Brian Greenwood Keynote speaker MIM 2018 |
After qualifying in medicine at Cambridge University, Brian Greenwood spent 15 years working in Nigeria, first at University College Hospital, Ibadan and then at Ahmadu Bello University, Zaria where he helped to start a new medical school and where he developed his research interests in malaria and meningitis. In 1980, he moved to The Gambia where he spent the next 15 years as director of the UK’s Medical Research Council Laboratories, focusing his research on the prevention of the major infectious diseases prevalent in West African children including malaria, pneumonia and meningitis.

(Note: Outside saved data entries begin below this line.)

(* Let $\mathcal{I}$ be an ideal on $\omega$ such that $\mathrm{fin}\subseteq\mathcal{I}$. If there is a Borel $\mathcal{I}$-MED family $\mathcal{E}\subseteq\omega^\omega$, then there is a closed $\mathcal{I}$-MED family (closed in $\omega^\omega$ with the product topology).
   Context: $\mathrm{fin}$ is the ideal of finite subsets of $\omega$. Functions $f,g\in\omega^\omega$ are $\mathcal{I}$-eventually different ($\mathcal{I}$-ED) if $\{n:f(n)=g(n)\}\in\mathcal{I}$; $\mathcal{E}\subseteq\omega^\omega$ is an $\mathcal{I}$-MED family if any two distinct members are $\mathcal{I}$-ED and for every $h\in\omega^\omega$ there is $f\in\mathcal{E}$ such that $f,h$ are not $\mathcal{I}$-ED. *)

Definition natset := nat -> Prop.
Definition baire := nat -> nat.
Definition bset := baire -> Prop.

Definition finite_set (A : natset) : Prop := exists N, forall k, A k -> k < N.

Definition is_ideal (I : natset -> Prop) : Prop :=
  I (fun _ => False) /\
  (forall A B : natset, I B -> (forall n, A n -> B n) -> I A) /\
  (forall A B : natset, I A -> I B -> I (fun n => A n \/ B n)) /\
  ~ I (fun _ => True).

Definition contains_fin (I : natset -> Prop) : Prop :=
  forall A, finite_set A -> I A.

Definition I_ED (I : natset -> Prop) (f g : baire) : Prop :=
  I (fun n => f n = g n).

Definition I_MED (I : natset -> Prop) (E : bset) : Prop :=
  (forall f g, E f -> E g -> f <> g -> I_ED I f g) /\
  (forall h : baire, exists f, E f /\ ~ I_ED I f h).

Definition baire_open (A : bset) : Prop :=
  forall f, A f -> exists n, forall g, (forall k, k < n -> g k = f k) -> A g.

Definition baire_closed (A : bset) : Prop := baire_open (fun f => ~ A f).

Inductive borel : bset -> Prop :=
| borel_open A : baire_open A -> borel A
| borel_compl A : borel A -> borel (fun f => ~ A f)
| borel_cunion (F : nat -> bset) : (forall n, borel (F n)) -> borel (fun f => exists n, F n f)
| borel_ext A B : borel A -> (forall f, A f <-> B f) -> borel B.

From Stdlib Require Import Arith Lia Classical ClassicalEpsilon FunctionalExtensionality Cantor.

(* Every Borel set B is the projection of a closed relation F on the Baire space with at most
   one witness x over each point f; this is proved for B and its complement simultaneously by
   induction on B.  Given a Borel I-MED family E with such an F, a point f of E and its witness
   x are coded into one g: along an injective sequence a put g (a k) = <f k, x k>, and elsewhere
   g n = f (b n) for a left inverse b of a.  The codes form a closed set, distinct codes decode
   to distinct members of E, and g n = g' n forces f (b n) = f' (b n).  If I contains an infinite
   set A, take a with range in A and b the identity off that range: the agreement sets of codes
   and of their decodes then differ by a subset of A.  Otherwise I = fin, and we take a k = 2k+1 and
   b n = n/2, so that agreement sets of codes are finite exactly when those of decodes are. *)

Definition agree (f g : baire) (n : nat) : Prop := forall k, k < n -> f k = g k.

Lemma agree_refl f n : agree f f n.
Proof. intros k _; reflexivity. Qed.

Lemma agree_sym f g n : agree f g n -> agree g f n.
Proof. intros H k Hk; symmetry; auto. Qed.

Lemma agree_trans f g h n : agree f g n -> agree g h n -> agree f h n.
Proof. intros H1 H2 k Hk; rewrite H1; auto. Qed.

Lemma agree_le f g n m : agree f g n -> m <= n -> agree f g m.
Proof. intros H Hm k Hk; apply H; lia. Qed.

Definition closed_rel (P : baire -> baire -> Prop) : Prop :=
  forall f x, ~ P f x -> exists n, forall g y, agree g f n -> agree y x n -> ~ P g y.

Definition local_rel (n : nat) (P : baire -> baire -> Prop) : Prop :=
  forall f x g y, agree g f n -> agree y x n -> P f x -> P g y.

Definition continuous (phi : baire -> baire) : Prop :=
  forall f n, exists m, forall g, agree g f m -> agree (phi g) (phi f) n.

Lemma local_rel_closed n P : local_rel n P -> closed_rel P.
Proof.
  intros HP f x Hfx. exists n. intros g y Hg Hy Hgy.
  apply Hfx, (HP g y f x); auto using agree_sym.
Qed.

Lemma closed_rel_forall {T : Type} (P : T -> baire -> baire -> Prop) :
  (forall i, closed_rel (P i)) -> closed_rel (fun f x => forall i, P i f x).
Proof.
  intros HP f x Hfx. apply not_all_ex_not in Hfx as [i Hi].
  destruct (HP i f x Hi) as [n Hn]. exists n. intros g y Hg Hy Hgy. exact (Hn g y Hg Hy (Hgy i)).
Qed.

Lemma closed_rel_and P Q :
  closed_rel P -> closed_rel Q -> closed_rel (fun f x => P f x /\ Q f x).
Proof.
  intros HP HQ f x Hfx. destruct (classic (P f x)) as [Hp|Hp].
  - destruct (HQ f x) as [n Hn]; [tauto|].
    exists n. intros g y Hg Hy [_ Hq]. exact (Hn g y Hg Hy Hq).
  - destruct (HP f x Hp) as [n Hn].
    exists n. intros g y Hg Hy [Hp' _]. exact (Hn g y Hg Hy Hp').
Qed.

Lemma closed_rel_impl n C P :
  local_rel n C -> closed_rel P -> closed_rel (fun f x => C f x -> P f x).
Proof.
  intros HC HP f x Hfx. apply imply_to_and in Hfx as [Hc Hp].
  destruct (HP f x Hp) as [m Hm]. exists (max n m). intros g y Hg Hy Hgy.
  apply (Hm g y); [apply (agree_le _ _ _ _ Hg); lia | apply (agree_le _ _ _ _ Hy); lia |].
  apply Hgy, (HC f x); [apply (agree_le _ _ _ _ Hg) | apply (agree_le _ _ _ _ Hy) |]; auto; lia.
Qed.

Lemma closed_rel_comp phi psi P :
  continuous phi -> continuous psi -> closed_rel P -> closed_rel (fun f x => P (phi f) (psi x)).
Proof.
  intros Hphi Hpsi HP f x Hfx. destruct (HP _ _ Hfx) as [n Hn].
  destruct (Hphi f n) as [m1 Hm1]. destruct (Hpsi x n) as [m2 Hm2].
  exists (max m1 m2). intros g y Hg Hy.
  apply Hn; [apply Hm1, (agree_le _ _ _ _ Hg) | apply Hm2, (agree_le _ _ _ _ Hy)]; lia.
Qed.

Lemma baire_closed_diag P : closed_rel P -> baire_closed (fun f => P f f).
Proof.
  intros HP f Hf. destruct (HP f f Hf) as [n Hn]. exists n. intros g Hg. exact (Hn g g Hg Hg).
Qed.

Lemma continuous_id : continuous (fun f => f).
Proof. intros f n. exists n. auto. Qed.

Lemma continuous_recode (p h : nat -> nat) : continuous (fun x m => h (x (p m))).
Proof.
  intros f n. induction n as [|n [m Hm]].
  - exists 0. intros g _ k Hk. lia.
  - exists (max m (S (p n))). intros g Hg k Hk.
    destruct (Nat.eq_dec k n) as [->|Hne].
    + f_equal. apply Hg. lia.
    + apply Hm; [apply (agree_le _ _ _ _ Hg) |]; lia.
Qed.

Definition column (i : nat) (x : baire) : baire := fun m => x (to_nat (i, m)).

Definition interleave (W : nat -> baire) : baire := fun k => W (fst (of_nat k)) (snd (of_nat k)).

Lemma continuous_column i : continuous (column i).
Proof. exact (continuous_recode (fun m => to_nat (i, m)) (fun v => v)). Qed.

Lemma column_interleave W i : column i (interleave W) = W i.
Proof.
  apply functional_extensionality; intro m. unfold column, interleave.
  rewrite cancel_of_to. reflexivity.
Qed.

Lemma column_inj x y : (forall i, column i x = column i y) -> x = y.
Proof.
  intro H. apply functional_extensionality; intro k. rewrite <- (cancel_to_of k).
  destruct (of_nat k) as [i m]. exact (equal_f (H i) m).
Qed.

Definition scons (n : nat) (x : baire) : baire := fun k => match k with 0 => n | S k => x k end.

Definition stail (x : baire) : baire := fun k => x (S k).

Definition unique_witnesses (F : baire -> baire -> Prop) (B : bset) : Prop :=
  forall f, (B f <-> exists x, F f x) /\ (forall x y, F f x -> F f y -> x = y).

Definition unique_closed_proj (B : bset) : Prop :=
  exists F, closed_rel F /\ unique_witnesses F B.

Lemma unique_closed_proj_ext A B :
  unique_closed_proj A -> (forall f, A f <-> B f) -> unique_closed_proj B.
Proof.
  intros [F [HF HFA]] HAB. exists F. split; [exact HF|].
  intro f. rewrite <- HAB. apply HFA.
Qed.

Lemma unique_closed_proj_local n B :
  (forall f g, agree g f n -> B f -> B g) -> unique_closed_proj B.
Proof.
  intro HB. exists (fun f x => B f /\ forall m, x m = 0). split.
  - apply closed_rel_and.
    + apply (local_rel_closed n). intros f x g y Hg _. apply HB, Hg.
    + apply closed_rel_forall; intro m. apply (local_rel_closed (S m)).
      intros f x g y _ Hy Hx. rewrite (Hy m) by lia. exact Hx.
  - intro f. split; [split|].
    + intro Hf. exists (fun _ => 0). auto.
    + intros [x [Hf _]]. exact Hf.
    + intros x y [_ Hx] [_ Hy]. apply functional_extensionality; intro m. rewrite Hx, Hy. reflexivity.
Qed.

Lemma unique_closed_proj_bigcap (C : nat -> bset) :
  (forall i, unique_closed_proj (C i)) -> unique_closed_proj (fun f => forall i, C i f).
Proof.
  intro HC. destruct (choice _ HC) as [FC HFC].
  exists (fun f x => forall i, FC i f (column i x)). split.
  - apply closed_rel_forall; intro i.
    apply (closed_rel_comp (fun f => f) (column i) (FC i));
      [apply continuous_id | apply continuous_column | apply HFC].
  - intro f. split; [split|].
    + intro Hf. destruct (choice (fun i w => FC i f w)) as [W HW].
      { intro i. apply (proj2 (HFC i) f), Hf. }
      exists (interleave W). intro i. rewrite column_interleave. apply HW.
    + intros [x Hx] i. apply (proj2 (HFC i) f). eauto.
    + intros x y Hx Hy. apply column_inj; intro i.
      exact (proj2 (proj2 (HFC i) f) _ _ (Hx i) (Hy i)).
Qed.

In 1996, he moved to the London School of Hygiene & Tropical Medicine where he has maintained his research on the prevention of malaria, meningococcal and pneumococcal infections in Africa, including trials that led to the development of Seasonal Malaria Chemoprevention, and he is currently supporting a trial of the use RTS,S/AS01 as a seasonal malaria vaccine, continuing his 20 year involvement in the development and evaluation of this vaccine. He is also supporting an evaluation of an Ebola vaccine in Sierra Leone.
From 2000 – 2008, he coordinated the Gates Malaria Partnership, a programme of malaria research and capacity development in several countries in Africa and, from 2008 – 2017, he coordinated a successor malaria research capacity development initiative, the Malaria Capacity Development Consortium (MCDC). MCDC has been followed by a new research capacity development programme (MARCAD) led by the University of Dakar, Senegal which he supports.